THE LYME TIMES: A Feeling for the Organism
“Had we listened to our pediatrician and the local Lyme disease expert, we might have stuffed him full of psychoactive medications unable to address the disease. It would have been tantamount to locking him up and throwing away the key,” Elizabeth Stone said. Luckily they found Dr. Jones and her 16-year old son made a near-miraculous recovery.
A Feeling for the Organism, Part 2 of 7
by Pamela Weintraub
Reprinted from Lyme Times #32, Spring 2002
It was in March of 2000 that Elizabeth Stone (not her real name) of northern Westchester county, New York, finally left her job to hunt, full time, for treatment for her 16-year-old son’s “mystery” disease. Resident of a community at the epicenter of Lyme disease reports, with a house abutting a rare spruce forest filled with deer, Stone had first observed a strange, mottled rash on her son’s torso in October of 1998. She called her pediatrician, a member of the largest and most respected medical group in her part of the county, asking whether she should come in. “No, don’t bother,” she was told. In the months that followed the boy proceeded to develop a host of disturbing symptoms: first a severe flu-like illness, then aches in his knees and elbows, finally, an unremitting migraine and marked nausea that never went away. Though Stone requested the doctor perform a Lyme disease test, he insisted the symptoms, in aggregate, were too broad and vague to suggest something like Lyme.
As Stone traveled from specialist to specialist, including rheumatologists and infectious disease experts at the major teaching hospitals of Manhattan, she was given a variety of diagnoses questionable diagnoses from depression and stress to Parvo virus to unending, unrelenting “flu.” Stone was fortunate in that her son’s psychiatrist, a renowned expert in his own right, did not buy the ‘psychiatric’ diagnosis favored by the pediatrician or the neurologist brought on board. Responding to the psychiatrist’s demand for more lab work, the primary care pediatrician, finally, reluctantly, drew 14 vials of blood. “We are testing for every disorder possible, just to make you feel better, even though there’s nothing wrong,” he told Stone at the time.
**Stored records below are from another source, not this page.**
(* Let $f:\mathfrak g\to\mathfrak g$ be Ad-covariant ($f(gXg^{-1})=gf(X)g^{-1}$). Let $T(t)\in\mathbf T_{m+1}$ be a smooth curve with $1-\alpha b_k\neq0$, put $\mathcal F_-=I+\alpha\mathcal E$, $\mathcal L=\mathcal F_--\alpha T$, $\mathcal T_1=\mathcal L\mathcal F_-^{-1}$, $\mathcal T_2=\mathcal F_-^{-1}\mathcal L$, $\mathcal A_1=\mathcal F_-\,\pi_-\big(\mathcal F_-^{-1}f(\mathcal T_1)\big)$, $\mathcal A_2=\pi_-\big(f(\mathcal T_2)\mathcal F_-^{-1}\big)\mathcal F_-$, and suppose $\dot{\mathcal T}_1=[\mathcal A_1,\mathcal T_1]$. Write $P_0(\mathcal A_1)=\mathrm{diag}(\mathbf a_1,\dots,\mathbf a_N)$, $P_0(\mathcal A_2)=\mathrm{diag}(\mathbf a'_1,\dots,\mathbf a'_N)$. Then $\mathbf a'_k=\mathbf a_{k+1}$ and there is $C$ independent of $k$ such that $\mathbf a_k=C+\sum_{j=1}^{k-1}\frac{\alpha\dot b_j}{1-\alpha b_j}$, $\mathbf a'_k=C+\sum_{j=1}^{k}\frac{\alpha\dot b_j}{1-\alpha b_j}$.
   Context: Periodic lattice setting: $N\ge2$, $m\ge1$; $\mathfrak g=\{X(\lambda)\in gl(N)[\lambda,\lambda^{-1}]:\Omega X(\lambda)\Omega^{-1}=X(\omega\lambda)\}$, $\omega=e^{2\pi i/N}$, $\Omega=\mathrm{diag}(1,\omega,\dots,\omega^{N-1})$, matrix indices and subscripts modulo $N$; $\mathfrak g_p=\{\lambda^p\sum_{j-k\equiv p}x_{jk}E_{jk}\}$, $P_0$ projection onto $\mathfrak g_0$, $\pi_-$ projection onto $\oplus_{p<0}\mathfrak g_p$, $\pi_+$ onto $\oplus_{p\ge0}\mathfrak g_p$. $\alpha\ne0$ real; $\mathcal E=\lambda\sum_kE_{k+1,k}$; $\mathcal F_-^{-1}$ a formal power series in $\lambda$ (algebra tacitly completed). $\mathbf T_{m+1}$ = set of $T=\mathcal E+\sum_kb_kE_{kk}+\sum_{j=1}^m\lambda^{-j}\sum_ka_k^{(j)}E_{k,k+j}$. *)

From mathcomp Require Import all_boot all_order all_algebra.
From mathcomp Require Import complex.
From mathcomp Require Import all_classical all_reals all_analysis.
Set Implicit Arguments. Unset Strict Implicit. Unset Printing Implicit Defensive.
Import Order.TTheory GRing.Theory Num.Theory.
Local Open Scope ring_scope.

Definition reC (R : realType) (z : R[i]) : R := let: Complex x _ := z in x.
Definition imC (R : realType) (z : R[i]) : R := let: Complex _ y := z in y.

Definition smoothR (R : realType) (g : R -> R) : Prop :=
  forall (n : nat) (t : R), derivable (iter n (fun h => derive1 h) g) t 1.

Definition smoothC (R : realType) (u : R -> R[i]) : Prop :=
  smoothR (fun s => reC (u s)) /\ smoothR (fun s => imC (u s)).

Definition cderiv (R : realType) (u : R -> R[i]) (t : R) : R[i] :=
  Complex (derive1 (fun s => reC (u s)) t) (derive1 (fun s => imC (u s)) t).

(* Formal Laurent series in lambda with N x N complex matrix coefficients:  *)
(* X p = coefficient of lambda^p.                                            *)
Definition loop (R : realType) (N : nat) := int -> 'M[R[i]]_N.

(* twisting condition Omega X(lambda) Omega^-1 = X(omega lambda):           *)
Definition twisted (R : realType) (N : nat) (X : loop R N) : Prop :=
  forall (p : int) (i j : 'I_N), X p i j != 0 ->
    (N%:Z %| (i%:Z - j%:Z - p))%Z.

Definition bounded_below (R : realType) (N : nat) (X : loop R N) : Prop :=
  exists b : int, forall p : int, (p < b)%R -> X p = 0.

(* the completed algebra \hat g (formal power series in lambda allowed) *)
Definition inG (R : realType) (N : nat) (X : loop R N) : Prop :=
  twisted X /\ bounded_below X.

Definition lo (R : realType) (N : nat) (X : loop R N) : int :=
  xget 0%R [set b : int | forall p : int, (p < b)%R -> X p = 0].

(* Cauchy product (correct whenever X and Y are bounded below) *)
Definition mulL (R : realType) (N : nat) (X Y : loop R N) : loop R N :=
  fun p => if (lo X + lo Y <= p)%R then
      \sum_(i < absz (p - lo X - lo Y + 1))
         (X (lo X + i%:Z) *m Y (p - lo X - i%:Z))
    else 0.

Definition addL (R : realType) (N : nat) (X Y : loop R N) : loop R N :=
  fun p => X p + Y p.
Definition subL (R : realType) (N : nat) (X Y : loop R N) : loop R N :=
  fun p => X p - Y p.
Definition scaleL (R : realType) (N : nat) (c : R[i]) (X : loop R N) : loop R N :=
  fun p => c *: X p.
Definition oneL (R : realType) (N : nat) : loop R N :=
  fun p => if p == 0 then 1%:M else 0.
Definition commL (R : realType) (N : nat) (X Y : loop R N) : loop R N :=
  subL (mulL X Y) (mulL Y X).

Definition pim (R : realType) (N : nat) (X : loop R N) : loop R N :=
  fun p => if (p < 0)%R then X p else 0.

(* P_0 : degree-zero part (a diagonal matrix for twisted X) *)
Definition P0 (R : realType) (N : nat) (X : loop R N) : 'M[R[i]]_N := X 0.

Definition shiftM (R : realType) (N : nat) : 'M[R[i]]_N :=
  \matrix_(i < N, j < N) (if (i : nat) == (j.+1 %% N)%N then 1 else 0).

Definition calE (R : realType) (N : nat) : loop R N :=
  fun p => if p == 1 then shiftM R N else 0.

Definition Fminus (R : realType) (N : nat) (alpha : R) : loop R N :=
  addL (oneL R N) (scaleL (alpha%:C)%C (calE R N)).

(* T = calE + sum_k b_k E_kk + sum_{j=1}^m lambda^-j sum_k a^(j)_k E_{k,k+j}, *)
(* at time t; a j k t stands for a^(j)_k(t) (only 1 <= j <= m is used).     *)
Definition Tcurve (R : realType) (N m : nat) (b : 'I_N -> R -> R[i])
    (a : nat -> 'I_N -> R -> R[i]) (t : R) : loop R N :=
  fun p =>
    if p == 1 then shiftM R N
    else if p == 0 then \matrix_(i < N, j < N) (if i == j then b i t else 0)
    else if ((- (m%:Z) <= p)%R && (p < 0)%R) then
      \matrix_(i < N, j < N)
        (if (j : nat) == ((i + absz p) %% N)%N then a (absz p) i t else 0)
    else 0.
But when a Western Blot test revealed 8 positive antibody bands for Lyme disease – the Centers for Disease Control and Prevention (CDC) requires five – the pediatrician still refused to concede Lyme disease was the cause.
Instead, he sent her son on to yet another referral, this time the head of infectious disease at an area hospital. That doctor, well known in the community for his view that Lyme was overdiagnosed, nonetheless agreed Stone’s son had slipped through the cracks. The boy had been infected for a year or two, the doctor said, and prescribed four weeks of intravenous Rocephin to treat what he said was now a neurological disease. But when, at the end of the month, the teenager was sicker than ever, that doctor pulled back, too. There was nothing more he could do for the boy, he said – if the treatment hadn’t worked, if the boy was still sick, whatever it was, it wasn’t Lyme. He now tended to the psychiatric explanation, too. But what psychic switch had prevented this former basketball impresario and straight-A student from standing or even sitting up in bed; from focusing enough to read a paragraph, let alone a page? What caused him to writhe in pain whenever anyone jostled him, to demand near-darkness to open his eyes, or to appear so contorted he might have been struck by a speeding Mack truck?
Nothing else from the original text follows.